Edit 25 August 2016: I noticed that So Nakagawa (a.k.a. soistheman) has also posted a trip report about this peak. He ascended it in 2013, but did not published his report until August of 2015 – a month after our trip. I would definitely encourage people to read it as he uses a slightly different ascent route.
Quick recap: our route followed Deadman Pass Trail until we reached the first avalanche slope at the southern end of the mountain. From here we scrambled up ~550m to gain the ridge. We then followed the ridge north to the base of Deadman Peak where we used goat trails to traverse to a steep gully which we then used to scramble up to the summit.
The details: to reach our starting point from Lethbridge, turn north off of Highway 3 onto the Allison Creek Road just west of Coleman. Once you reach the end of the pavement and cross the cattle guard, continue straight for another ~4.8km until you come to a short road that leads into a large clearing on your left hand side. Here is where we parked our vehicle. Deadman Pass Trail begins on the western end of the clearing.
Deadman Pass Trail is a popular recreational route that leads across the Continental Divide into BC. Surprisingly, we did not encounter a single ATV and as a result, enjoyed a peaceful 3.86km walk to the base of the mountain. We used the first avalanche slope that we came to as our ascent route up to the ridge. The route from the trail to the ridge is steeper than it appears and care must be taken while scrambling because the quality of the rock is poor. There is also an abundance of annoyingly loose scree.

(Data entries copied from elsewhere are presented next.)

Lemma kmin_le_head n f : D n.+1 f ->
  kmin n.+1 f <= (head 0 (restricted_seq n (remove_arc (kmin n.+1 f) f))).+1.
Proof.
case: n => [|n] hD; first by have [/andP[_ k_lt] _ _] := D_kminP hD isT.
have [/andP[k_ge k_lt] fk below_k] := D_kminP hD isT.
set k := kmin n.+2 f in k_ge k_lt fk below_k *.
have k_pt : in_pts n.+2 k by rewrite /in_pts k_ge; lia.
have [/andP[l_ge l_lt] gl _] := D_kminP (D_remove_arc hD k_pt fk) isT.
rewrite /=; set l := kmin n.+1 _ in l_ge l_lt gl *.
rewrite leqNgt; apply/negP => l_lt_k.
have l_pt : in_pts n.+2 l by rewrite /in_pts l_ge; lia.
have /andP[fl_k fl_k1] : (f l != k) && (f l != k.+1).
  by apply: (matching_avoid_arc (proj1 hD) k_pt fk l_pt); lia.
have := below_k l; move: gl; rewrite remove_arcE; case_bump2; lia.
Qed.

Lemma kmin_lk n f k : 1 <= k <= n.*2.+1 ->
  (forall j, 1 <= j -> j.+1 < k -> f j != j.+1) -> kmin n.+1 (lk k f) = k.
Proof.
move=> k_le below_k; apply: kmin_eq => [||j j_lt]; [lia | exact: (lk_arc k f).1 |].
rewrite lkE; [|lia|lia].
have -> : unbump2 k j = j by rewrite /unbump2 ifT //; lia.
have := below_k j; rewrite /bump2; case: (ltnP (f j) k); lia.
Qed.

Lemma eq_restricted_seq n f g : f =1 g -> restricted_seq n f = restricted_seq n g.
Proof.
elim: n f g => [//|n IH] f g fg /=.
have -> : kmin n.+1 f = kmin n.+1 g.
  by rewrite /kmin (eq_find (a2 := fun k => g k == k.+1)) // => j; rewrite fg.
by congr (_ :: _); apply: IH => i; rewrite !remove_arcE fg.
Qed.

(* For s = (k_n, ..., k_1) the relation says k_(i+1) <= k_i + 1, and the
   appended sentinel 0 encodes k_1 <= 1. *)
Definition admissible (s : seq nat) : bool := sorted (fun a b => a <= b.+1) (rcons s 0).

Lemma admissible_cons k s : admissible (k :: s) = (k <= (head 0 s).+1) && admissible s.
Proof. by case: s. Qed.

Lemma admissibleE s : admissible s = sorted (fun a b => a <= b.+1) s && (last 0 s <= 1).
Proof. by case: s => // x s; rewrite /admissible rcons_cons /= rcons_path. Qed.

Lemma admissible_nthP s : all (fun k => 0 < k) s ->
  admissible s <->
  (0 < size s -> nth 0 s (size s - 1) = 1) /\
  (forall i, 1 <= i <= size s - 1 -> nth 0 s (size s - i.+1) <= (nth 0 s (size s - i)).+1).
Proof.
move=> pos_s; rewrite admissibleE subn1 nth_last.
have last_gt0 : 0 < size s -> 0 < last 0 s.
  by case: s pos_s => // x s /allP pos_s _; apply/pos_s/mem_last.
split=> [/andP[/(sortedP 0) step last_le] | [last_eq step]].
  split=> [/last_gt0 | i i_range]; first lia.
  have := step (size s - i.+1); have -> : (size s - i.+1).+1 = size s - i by lia.
  by apply; lia.
apply/andP; split.
  apply/(sortedP 0) => i i_lt; have := step (size s - i.+1).
  have -> : size s - (size s - i.+1) = i.+1 by lia.
  have -> : size s - (size s - i.+1).+1 = i by lia.
  by apply; lia.
by case: (posnP (size s)) => [/eqP/nilP -> | /last_eq ->].
Qed.

Lemma admissible_restricted_seq n f : D n f -> admissible (restricted_seq n f).
Proof.
elim: n f => [//|n IH] f hD; rewrite admissible_cons kmin_le_head //.
have [/andP[k_ge k_lt] fk _] := D_kminP hD isT.
by apply/IH/D_remove_arc => //; rewrite /in_pts k_ge; lia.
Qed.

Our journey along the ridge (or “the Great Wall”) to our summit route was an enjoyable ~1.57km ridge walk. On our way back, we debated dropping directly into the valley beneath the summit, but opted instead to retrace our route along the ridge to minimize any potential bushwhacking. Before we reached the end of the ridge, we decided to descend what looked like a scree slope back to the trail. The usable scree soon disappeared only to be replaced with sections of scree covered slab. This made our egress off of the mountain more difficult.

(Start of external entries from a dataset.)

Lemma pinv_hull_loc_map_surj (R A : comPzRingType) (eta : {rmorphism R -> A})
    (x : R -> A) (q : A -> Prop) :
  is_pinv_hull eta x -> prime_ideal q -> forall w : A * A, ~ q w.2 ->
  exists y : R * R, ~ q (eta y.2) /\ loc_eq q (loc_map eta y) w.
Proof.
move=> hA qP [w1 w2] /= hw2.
(* Locally at q, w1 = eta r / eta t and w2 = eta r' / eta t'. *)
have [e [r [t [he het hw1]]]] :=
  piecewise_fraction_local qP (pinv_hull_piecewise hA w1).
have [e' [r' [t' [he' het' hw2']]]] :=
  piecewise_fraction_local qP (pinv_hull_piecewise hA w2).
have ht : ~ q (eta t).
  move=> qt; apply: he; rewrite -het mulrC /eidem -mulrA.
  exact: (prime_ideal_mulr qP _ qt).
have hr' : ~ q (eta r').
  move=> qr'; apply: (prime_ideal_notin_mul qP he' hw2); rewrite hw2' mulrCA.
  exact: (prime_ideal_mulr qP _ qr').
exists (r * t', t * r'); split; first by rewrite rmorphM; apply: prime_ideal_notin_mul.
exists (e * e'); split; first exact: prime_ideal_notin_mul.
rewrite /loc_map /= !rmorphM.
transitivity (e * eta r * eta t' * (e' * w2) - e' * eta t * eta r' * (e * w1));
  first by ring.
rewrite hw1 hw2'.
transitivity (e * eta r * eta r' * (e' * eidem eta x t')
              - e' * eta r * eta r' * (e * eidem eta x t)); first by rewrite /eidem; ring.
by rewrite het het'; ring.
Qed.

Unset Implicit Arguments.

Theorem theorem3p8 (R A : comPzRingType) (eta : {rmorphism R -> A})
  (x : R -> A) (hA : is_pinv_hull eta x) :
  (forall q : A -> Prop, prime_ideal q ->
     let p : R -> Prop := fun r => q (eta r) in
     let phi : R * R -> A * A := fun y => (eta y.1, eta y.2) in
     [/\ loc_is_field q,
         (forall y : R * R, ~ p y.2 -> ~ q (phi y).2),
         (forall y z : R * R, ~ p y.2 -> ~ p z.2 ->
            kappa_eq p y z -> loc_eq q (phi y) (phi z)),
         loc_eq q (phi (loc_one R)) (loc_one A) /\
         (forall y z : R * R, ~ p y.2 -> ~ p z.2 ->
            loc_eq q (phi (loc_add y z)) (loc_add (phi y) (phi z)) /\
            loc_eq q (phi (loc_mul y z)) (loc_mul (phi y) (phi z))) &
         (forall y z : R * R, ~ p y.2 -> ~ p z.2 ->
            loc_eq q (phi y) (phi z) -> kappa_eq p y z) /\
         (forall w : A * A, ~ q w.2 ->
            exists y : R * R, ~ p y.2 /\ loc_eq q (phi y) w)]) /\
  absolutely_flat A.
Proof.
have regA := pinv_hull_regular hA.
split; last exact: regular_absolutely_flat.
move=> q qP p phi; have q1 : ~ q 1 by case: qP.
have [hom1 homDM] := loc_map_rmorphism eta q1.
split.
- exact: regular_loc_is_field.
- by [].
- by move=> y z _ _; apply: loc_map_kappa_wd.
- by split=> [|y z _ _]; [apply: hom1 | apply: homDM].
- split=> [y z hy hz | w hw]; first exact: loc_map_kappa_inj.
  exact: pinv_hull_loc_map_surj hA qP w hw.
Qed.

Goat trails made it possible for us to traverse from the ridge to our ascent route without losing elevation. We chose to go up the first gully that we came to and descend to a second gully further to the NW. In hindsight, it may have been better to follow the second gully as far as possible and then attempt to ascend from there, though there are several sections of slabs in this area so I can’t say for certain if it would be a viable way to ascend. We stuck to the solid rock in our ascent gully for as long as we could until we came to nothing but loose scree. From here we migrated over to a small ridge comprised of mostly solid rock which we then used to gain the summit ridge. This whole section is deceptively steep and progress was slow.
Our total distance travelled was 15.3km with total elevation gains of 1168m. The one way distance from our vehicle to the summit was 7.44km. Our roundtrip time was 8 hours and 46 minutes.

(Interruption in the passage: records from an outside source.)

(* Let $\epsilon>0$ be sufficiently small. Consider 4 players where players 3 and 4 have the uniform (Lebesgue) valuation on $[0,1]$; player 1 has a nonatomic valuation giving value $\frac12-\epsilon$ to $(0,\epsilon)$, $3\epsilon$ to $(\frac34,\frac34+3\epsilon)$, $\frac12-2\epsilon$ to $(1-\epsilon,1)$, and $0$ elsewhere; player 2 has a nonatomic valuation giving value $3\epsilon$ to $(\epsilon,2\epsilon)$, $\frac12-2\epsilon$ to $(\frac14-\epsilon,\frac14)$, $\frac12-\epsilon$ to $(\frac12,\frac12+\epsilon)$, and $0$ elsewhere. Then every envy-free complete connected division has egalitarian welfare at most $\frac14+2\epsilon$, while the partial division giving $(0,2\epsilon)$ to player 1, $(2\epsilon,\frac12)$ to player 3, $(\frac12,\frac12+\epsilon)$ to player 2, $(\frac12+\epsilon,1-\epsilon)$ to player 4 (discarding $(1-\epsilon,1)$) is envy-free with every player receiving utility at least $\frac12-2\epsilon$. Hence this instance exhibits an egalitarian $\alpha$-dumping paradox with $\alpha=\frac{2-8\epsilon}{1+8\epsilon}$.
   Context: A (connected) division for players $1,\dots,n$ of the cake $[0,1]$ is a sequence $(X_1,\dots,X_n)$ of pairwise disjoint open intervals (possibly empty), $X_i$ being player $i$'s piece; it is complete if the union of the closures of the $X_i$ equals $[0,1]$, and partial otherwise. Each player $i$ has a valuation $v_i$, a nonatomic probability measure on $[0,1]$; $u_i(x,j)=v_i(X_j)$. A division is envy-free if $u_i(x,i)\ge u_i(x,j)$ for all $i,j$. Egalitarian welfare: $eg(x)=\min_i u_i(x,i)$. For $\alpha>1$, an instance exhibits an egalitarian $\alpha$-dumping paradox if there is an envy-free partial division $y$ with $eg(y)\ge\alpha\,eg(x)$ for every envy-free complete division $x$. *)

From Stdlib Require Import Reals Lra.
Open Scope R_scope.

(* A nonatomic probability measure v on [0,1] is represented, as far as
   its values on intervals are concerned (the only values ever used, since
   pieces are intervals), by its distribution function F:
   v((a,b)) = F b - F a.  Nonatomic <-> F continuous. *)
Definition valuation (F : R -> R) : Prop :=
  (forall x y, x <= y -> F x <= F y) /\
  (forall x, continuity_pt F x) /\
  F 0 = 0 /\ F 1 = 1.

(* Players are indexed 0..n-1 (player k of the paper is index k-1).
   Player i's piece is the open interval (a i, b i), with a i <= b i;
   it is empty iff a i = b i. *)
Definition is_division (n : nat) (a b : nat -> R) : Prop :=
  (forall i, (i < n)%nat -> 0 <= a i /\ a i <= b i /\ b i <= 1) /\
  (forall i j, (i < n)%nat -> (j < n)%nat -> i <> j ->
     a i = b i \/ a j = b j \/ b i <= a j \/ b j <= a i).

Definition complete (n : nat) (a b : nat -> R) : Prop :=
  forall x, 0 <= x <= 1 ->
    exists i, (i < n)%nat /\ a i < b i /\ a i <= x <= b i.

Definition util (F : nat -> R -> R) (a b : nat -> R) (i j : nat) : R :=
  F i (b j) - F i (a j).

Definition envy_free (n : nat) (F : nat -> R -> R) (a b : nat -> R) : Prop :=
  forall i j, (i < n)%nat -> (j < n)%nat -> util F a b i j <= util F a b i i.

Fixpoint minupto (f : nat -> R) (m : nat) : R :=
  match m with
  | O => f O
  | S k => Rmin (f (S k)) (minupto f k)
  end.

(* egalitarian welfare min_{i<n} u_i(x,i) (for n >= 1) *)
Definition eg (n : nat) (F : nat -> R -> R) (a b : nat -> R) : R :=
  minupto (fun i => util F a b i i) (n - 1).

Definition eg_dumping_paradox (n : nat) (F : nat -> R -> R) (alpha : R) : Prop :=
  1 < alpha /\
  exists a b, is_division n a b /\ ~ complete n a b /\ envy_free n F a b /\
    forall a' b', is_division n a' b' -> complete n a' b' -> envy_free n F a' b' ->
      eg n F a b >= alpha * eg n F a' b'.

Definition unif (x : R) : R := x.

Definition vals4 (F1 F2 : R -> R) : nat -> R -> R :=
  fun i => match i with O => F1 | 1%nat => F2 | _ => unif end.

Definition ya (eps : R) : nat -> R :=
  fun i => match i with O => 0 | 1%nat => 1/2 | 2%nat => 2*eps | _ => 1/2 + eps end.
Definition yb (eps : R) : nat -> R :=
  fun i => match i with O => 2*eps | 1%nat => 1/2 + eps | 2%nat => 1/2 | _ => 1 - eps end.

(* Suppose a complete envy-free division gives every player more than 1/4 + 2 eps
   (players are indexed from 0 as in the definitions).  Piece 0 cannot stay left of
   3/4, for then the piece reaching 1 is envied by player 0 or worth too little to
   its owner; the long uniform pieces force it to start after eps, and its value
   then forces it to end after 1 - eps.  Whoever holds the piece starting at 0 is
   then either shortchanged or envied. *)

From Stdlib Require Import Reals Lra Lia.
Open Scope R_scope.

Lemma minupto_le (f : nat -> R) m i : (i <= m)%nat -> minupto f m <= f i.
Proof.
  induction m as [|m IH]; intros Hi; simpl.
  - replace i with 0%nat by lia. lra.
  - destruct (Nat.eq_dec i (S m)) as [->|Hne].
    + apply Rmin_l.
    + eapply Rle_trans; [apply Rmin_r | apply IH; lia].
Qed.

Lemma minupto_glb (f : nat -> R) m c :
  (forall i, (i <= m)%nat -> c <= f i) -> c <= minupto f m.
Proof.
  induction m as [|m IH]; intros H; simpl.
  - apply H; lia.
  - apply Rmin_glb; [apply H; lia | apply IH; intros; apply H; lia].
Qed.

Lemma eg_le_util n F a b i : (i < n)%nat -> eg n F a b <= util F a b i i.
Proof. intros Hi. apply (minupto_le (fun i => util F a b i i)); lia. Qed.

Lemma eg_glb n F a b c : (0 < n)%nat ->
  (forall i, (i < n)%nat -> c <= util F a b i i) -> c <= eg n F a b.
Proof. intros Hn H. apply minupto_glb. intros i Hi. apply H; lia. Qed.

Lemma util_pos_nonempty n F a b k i : is_division n a b -> (i < n)%nat ->
  0 < util F a b k i -> a i < b i.
Proof.
  intros [Hb _] Hi Hu. destruct (Hb i Hi) as [_ [Hab _]].
  destruct (Rle_lt_or_eq_dec _ _ Hab) as [Hlt|Heq]; [exact Hlt|].
  unfold util in Hu. rewrite Heq in Hu. lra.
Qed.

Lemma division_nonempty_ordered n a b i j : is_division n a b ->
  (i < n)%nat -> (j < n)%nat -> i <> j -> a i < b i -> a j < b j ->
  b i <= a j \/ b j <= a i.
Proof. intros [_ Hd] Hi Hj Hij Hni Hnj. destruct (Hd i j Hi Hj Hij) as [h|[h|h]]; lra. Qed.

Lemma complete_left_end n a b : is_division n a b -> complete n a b ->
  exists i, (i < n)%nat /\ a i < b i /\ a i = 0.
Proof.
  intros [Hb _] Hc. destruct (Hc 0) as [i [Hi [Hne Hx]]]; [lra|].
  exists i. destruct (Hb i Hi) as [? [? ?]]. split; [exact Hi | split; lra].
Qed.

Lemma complete_right_end n a b : is_division n a b -> complete n a b ->
  exists i, (i < n)%nat /\ a i < b i /\ b i = 1.
Proof.
  intros [Hb _] Hc. destruct (Hc 1) as [i [Hi [Hne Hx]]]; [lra|].
  exists i. destruct (Hb i Hi) as [? [? ?]]. split; [exact Hi | split; lra].
Qed.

Deadman Peak as viewed from our starting point just off of Allison Creek Road. Our route followed the entire ridge from left to right. I was told by my friend Clay, that this section is sometimes referred to as “The Great Wall” which would make sense. In all honesty, I’m sure that our First Nations friends have had a name for this mountain for centuries but none of us have asked what it is and so we naively assume it is ‘unnamed’.
The trail to reach the base of the mountain is visible at the far end of the clearing. Note the incredibly awesome rooftop tent on the Toyota HiLux just to the right of Jeff.
Shortly after leaving the clearing, the trail swung left and crossed Allison Creek.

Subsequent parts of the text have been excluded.